La présentation peut être aiguë, subaiguë ou chronique. Les formes aiguës comprennent Takotsubo, myocardite éosinophilique, myocardite liée à l’immunothérapie, toxicité adrénergique, ischémie liée aux substances, poussées auto-immunes et insuffisance cardiaque par exposition récente. Les formes subaiguës comprennent la toxicité oncologique initiale, la progression éosinophilique thrombotique, l’insuffisance cardiaque liée à l’alcool, à la méthamphétamine ou à une maladie neuromusculaire. Les formes chroniques comprennent la fibrose endomyocardique, la restriction idiopathique, l’accumulation lysosomale, l’atteinte mitochondriale et la toxicité liée aux antipaludéens. Le temps de la maladie aide à distinguer une inflammation réversible d’un remodelage stabilisé.
La gravité ne doit pas être jugée seulement sur les symptômes. Des patients ayant une faible activité physique en raison d’une myopathie ou d’une maladie systémique peuvent ne pas rapporter de dyspnée importante malgré une cardiopathie significative. Des patients sous traitement oncologique ou immunosuppresseur peuvent attribuer fatigue et tachycardie à la maladie de base. Des patients consommant des substances peuvent ne pas rapporter l’exposition. Des patients atteints de formes restrictives peuvent avoir une LVEF conservée et des symptômes sévères. Des patients présentant une maladie de conduction peuvent avoir un échocardiogramme presque normal et un risque soudain élevé. L’évaluation doit donc être objective, multimodale et répétée dans le temps.

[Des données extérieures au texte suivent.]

Lemma adj_arc_or_mem T v w : cycle_adj v w ->
  (forall w, arc v w -> w \in T) -> 0 < arc w v + (w \in T).
Proof.
rewrite addn_gt0 !lt0b => vw out_v.
have : arc w v (+) arc v w by apply: arc_orientation.2; rewrite /cycle_adj orbC.
by case: (arc w v) => //= /out_v.
Qed.

Lemma burn_step T d v : burnt T d -> v \notin T -> (forall w, arc v w -> w \in T) ->
  3 <= d v /\ burnt (v |: T) (asm_topple d v).
Proof.
move=> burnt_d vT out_v; have dv : 3 <= d v.
  have adj_pred : cycle_adj v (ord_pred v) by rewrite /cycle_adj ord_predK eqxx orbT.
  have adj_succ : cycle_adj v (ordS v) by rewrite /cycle_adj eqxx.
  have := adj_arc_or_mem adj_pred out_v; have := adj_arc_or_mem adj_succ out_v.
  move: (burnt_d v) (indeg_le v); rewrite (negbTE vT) indeg_orientation //; config_lia.
split=> // k; move: (burnt_d k) (asm_topple_balance k dv).
rewrite !in_setU1_nat // -!(can2_eq (@ordSK n) (@ord_predK n)).
by rewrite [ord_pred _ == _](can2_eq (@ord_predK n) (@ordSK n)); config_lia.
Qed.

Hypothesis arc_acyclic : acyclic arc.

Lemma burnt_stabilises T d : burnt T d -> rt asm d c.
Proof.
have [N] := ubnP #|~: T|; elim: N T d => // N IHN T d /ltnSE card_T burnt_d.
have [TC0 | /(acyclic_has_sink arc_acyclic) [v vT out_v]] := eqVneq (~: T) set0.
  have T_full : T = setT by rewrite -[T]setCK TC0 setC0.
  have -> : d = c; last exact: rt_refl.
  by apply/ffunP => k; move: (burnt_d k); rewrite T_full !inE; config_lia.
rewrite inE in vT; have out_v' w : arc v w -> w \in T by move/out_v; rewrite inE negbK.
have [dv burnt_v] := burn_step burnt_d vT out_v'.
have card_v : #|~: (v |: T)| < N.
  by rewrite setCU setIC -setDE; move: card_T; rewrite (cardsD1 v (~: T)) inE vT.
by apply: rt_trans (IHN _ _ card_v burnt_v); apply: rt_step; exists v.
Qed.

Lemma asm_burning : rt asm (cadd c (const_config n 1)) c.
Proof. exact: burnt_stabilises burnt0. Qed.

End Burning.

Lemma clos_rt_mono (A : Type) (R S : relation A) :
  (forall x y, R x y -> S x y) -> forall x y, rt R x y -> rt S x y.
Proof.
move=> RS x y; elim=> [? ? /RS | ? | ? ? ? _ ? _];
  [exact: rt_step | exact: rt_refl | exact: rt_trans].
Qed.

Lemma rt_invariant (A : Type) (R : relation A) (P : A -> Prop) :
  (forall x y, P x -> R x y -> P y) -> forall x y, P x -> rt R x y -> P y.
Proof.
move=> PR x y Px r; elim: r Px => [a b Rab Pa | // | a b c _ IHab _ IHbc Pa].
  exact: PR Pa Rab.
exact: IHbc (IHab Pa).
Qed.

Section Chain.

Variable n : nat.
Implicit Types (c d x : config n) (i k : 'I_n).

Lemma grains_add_grain x i : grains (add_grain x i) = (grains x).+1.
Proof.
by rewrite /grains -addn1 -(sum_eq1 i) -big_split; apply: eq_bigr => k _; rewrite ffunE.
Qed.

Lemma config_ind (P : config n -> Prop) : P (const_config n 0) ->
  (forall x i, P x -> P (add_grain x i)) -> forall x, P x.
Proof.
move=> P0 P_add x; have [N] := ubnP (grains x); elim: N x => // N IHN x /ltnSE grains_x.
have [/existsP [i xi] | /existsPn x0] := boolP [exists i, 0 < x i].
  pose y := [ffun k => x k - (k == i)].
  have x_eq : x = add_grain y i.
    by apply/ffunP => k; move: xi; rewrite !ffunE; case: eqVneq => [->|]; config_lia.
  by rewrite x_eq grains_add_grain in grains_x *; apply/P_add/IHN.
suff -> : x = const_config n 0 by [].
by apply/ffunP => k; move: (x0 k); rewrite ffunE; config_lia.
Qed.

Lemma cadd0 c : cadd c (const_config n 0) = c.
Proof. by apply/ffunP => k; rewrite !ffunE addn0. Qed.

Lemma cadd_add_grain c x i : cadd c (add_grain x i) = cadd (add_grain c i) x.
Proof. by apply/ffunP => k; rewrite !ffunE; config_lia. Qed.

Lemma stable_le c d : stable d -> (forall k, c k <= d k) -> stable c.
Proof. by move=> sd cd k; apply: leq_ltn_trans (cd k) (sd k). Qed.

Variable step : relation (config n).
Local Notation chain := (chain_step step).

Lemma chain_add_grain c i : stable (add_grain c i) -> chain c (add_grain c i).
Proof.
move=> s_ci; split; last by exists i; split; first exact: rt_refl.
by apply: (stable_le (c := c) s_ci) => k; rewrite ffunE leq_addr.
Qed.

Lemma chain_cadd c x : stable (cadd c x) -> rt chain c (cadd c x).
Proof.
elim/config_ind: x c => [c | x i IHx c]; first by rewrite cadd0 => _; exact: rt_refl.
rewrite cadd_add_grain => s_cx; apply: rt_trans (IHx _ s_cx); apply/rt_step/chain_add_grain.
by apply: (stable_le (c := add_grain c i) s_cx) => k; rewrite [cadd _ _ _]ffunE leq_addr.
Qed.
Lemma tri_ge0 k : (0 <= tri k)%Z.
Proof. assert (H := tri_double k). nia. Qed.

Lemma cv_unique u l1 l2 : C_cv u l1 -> C_cv u l2 -> l1 = l2.
Proof.
  intros H1 H2.
  assert (Hz : Cmod (Csub l1 l2) = 0).
  { apply Rle_antisym; [|apply Cmod_ge0].
    apply Rnot_lt_le. intro Hp.
    destruct (H1 (Cmod (Csub l1 l2) / 2)) as [N1 HN1]; [lra|].
    destruct (H2 (Cmod (Csub l1 l2) / 2)) as [N2 HN2]; [lra|].
    specialize (HN1 (N1 + N2)%nat ltac:(lia)). specialize (HN2 (N1 + N2)%nat ltac:(lia)).
    assert (T := Cmod_sub_tri l1 l2 (u (N1+N2)%nat)).
    rewrite (Cmod_sub_sym l1 (u _)) in T. lra. }
  apply Cmod_eq0 in Hz. replace l1 with (Cadd (Csub l1 l2) l2) by ring. rewrite Hz. ring.
Qed.

Lemma cv_const l : C_cv (fun _ => l) l.
Proof.
  intros e He. exists 0%nat. intros. replace (Csub l l) with C0 by ring. rewrite Cmod_C0. lra.
Qed.

Lemma cv_ext_ev u v l N0 : (forall n, (n >= N0)%nat -> u n = v n) -> C_cv u l -> C_cv v l.
Proof.
  intros E H e He. destruct (H e He) as [N HN]. exists (N + N0)%nat. intros.
  rewrite <- E by lia. apply HN; lia.
Qed.

Lemma cv_ext u v l : (forall n, u n = v n) -> C_cv u l -> C_cv v l.
Proof. intros E. apply (cv_ext_ev u v l 0). intros; auto. Qed.

Lemma cv_add u v l m : C_cv u l -> C_cv v m -> C_cv (fun n => Cadd (u n) (v n)) (Cadd l m).
Proof.
  intros Hu Hv e He.
  destruct (Hu (e/2)) as [N1 H1]; [lra|]. destruct (Hv (e/2)) as [N2 H2]; [lra|].
  exists (N1 + N2)%nat. intros n Hn.
  replace (Csub (Cadd (u n) (v n)) (Cadd l m)) with (Cadd (Csub (u n) l) (Csub (v n) m)) by ring.
  eapply Rle_lt_trans; [apply Cmod_tri|].
  specialize (H1 n ltac:(lia)); specialize (H2 n ltac:(lia)). lra.
Qed.

Lemma cv_opp u l : C_cv u l -> C_cv (fun n => Copp (u n)) (Copp l).
Proof.
  intros Hu e He. destruct (Hu e He) as [N HN]. exists N. intros.
  replace (Csub (Copp (u n)) (Copp l)) with (Copp (Csub (u n) l)) by ring.
  rewrite Cmod_opp. auto.
Qed.

Lemma cv_sub u v l m : C_cv u l -> C_cv v m -> C_cv (fun n => Csub (u n) (v n)) (Csub l m).
Proof. intros Hu Hv. apply cv_add; auto. apply cv_opp; auto. Qed.

Lemma cv_bounded u l : C_cv u l -> exists M, 0 <= M /\ forall n, Cmod (u n) <= M.
Proof.
  intros Hu. destruct (Hu 1) as [N HN]; [lra|].
  assert (Hinit : forall K, exists M, 0 <= M /\ forall n, (n < K)%nat -> Cmod (u n) <= M).
  { induction K. exists 0. split; [lra|]. intros; lia.
    destruct IHK as [M [HM0 HM]]. exists (Rmax M (Cmod (u K))). split.
    - eapply Rle_trans; [apply HM0|apply Rmax_l].
    - intros n Hn. destruct (Nat.eq_dec n K). subst; apply Rmax_r.
      eapply Rle_trans; [apply HM; lia|apply Rmax_l]. }
  destruct (Hinit N) as [M [HM0 HM]]. exists (Rmax M (Cmod l + 1)). split.
  - eapply Rle_trans; [apply HM0|apply Rmax_l].
  - intros n. destruct (le_lt_dec N n).
    + specialize (HN n l0). assert (T := Cmod_tri (Csub (u n) l) l).
      replace (Cadd (Csub (u n) l) l) with (u n) in T by ring.
      eapply Rle_trans; [|apply Rmax_r]. lra.
    + eapply Rle_trans; [apply HM; auto|apply Rmax_l].
Qed.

Le parcours diagnostique des myocardiopathies non classées doit être ordonné et progressif. La première étape consiste à définir le phénotype cardiaque: dilaté, hypertrophique, restrictif, arythmique, endomyocardique, trabéculaire, inflammatoire, toxique ou mixte. La deuxième consiste à établir si le phénotype est isolé ou associé à une maladie systémique. La troisième consiste à identifier la cause. La quatrième consiste à évaluer le risque d’insuffisance cardiaque, d’arythmies, de mort subite, de thromboembolie et de progression. Le diagnostic ne doit pas s’arrêter à la première étiquette descriptive.
Le premier niveau comprend une anamnèse complète, des antécédents familiaux sur au moins trois générations lorsque cela est possible, un examen cardiologique et systémique, un ECG à 12 dérivations, une échocardiographie transthoracique, des biomarqueurs cardiaques, des examens biologiques de base, la fonction rénale, la fonction hépatique, les électrolytes, l’hémogramme, le profil métabolique et l’évaluation des expositions. L’ECG peut montrer une hypertrophie, des ondes Q pseudo-infarctus, des blocs, une préexcitation, des anomalies de repolarisation, un intervalle QT corrigé (QTc) long, une fibrillation atriale ou des signes ischémiques. L’échocardiographie définit la LVEF, les volumes, les épaisseurs, la fonction diastolique, les oreillettes, le ventricule droit, les valves, les pressions pulmonaires, la trabéculation, les thrombus et le profil restrictif.
Le deuxième niveau comprend CMR, Holter ECG, surveillance prolongée du rythme, test d’effort ou épreuve d’effort cardiopulmonaire, évaluation coronaire, tomodensitométrie, médecine nucléaire, cathétérisme cardiaque, génétique, immunologie, hématologie, infectiologie, neurologie, toxicologie ou biopsie selon la suspicion. La CMR a un rôle transversal parce qu’elle identifie œdème, fibrose, LGE, accumulation, infiltration, thrombus, atteinte du ventricule droit, non-compaction et profils myocarditiques ou ischémiques. Dans les phénotypes rares, la CMR ne remplace pas le diagnostic étiologique, mais réduit la zone d’incertitude.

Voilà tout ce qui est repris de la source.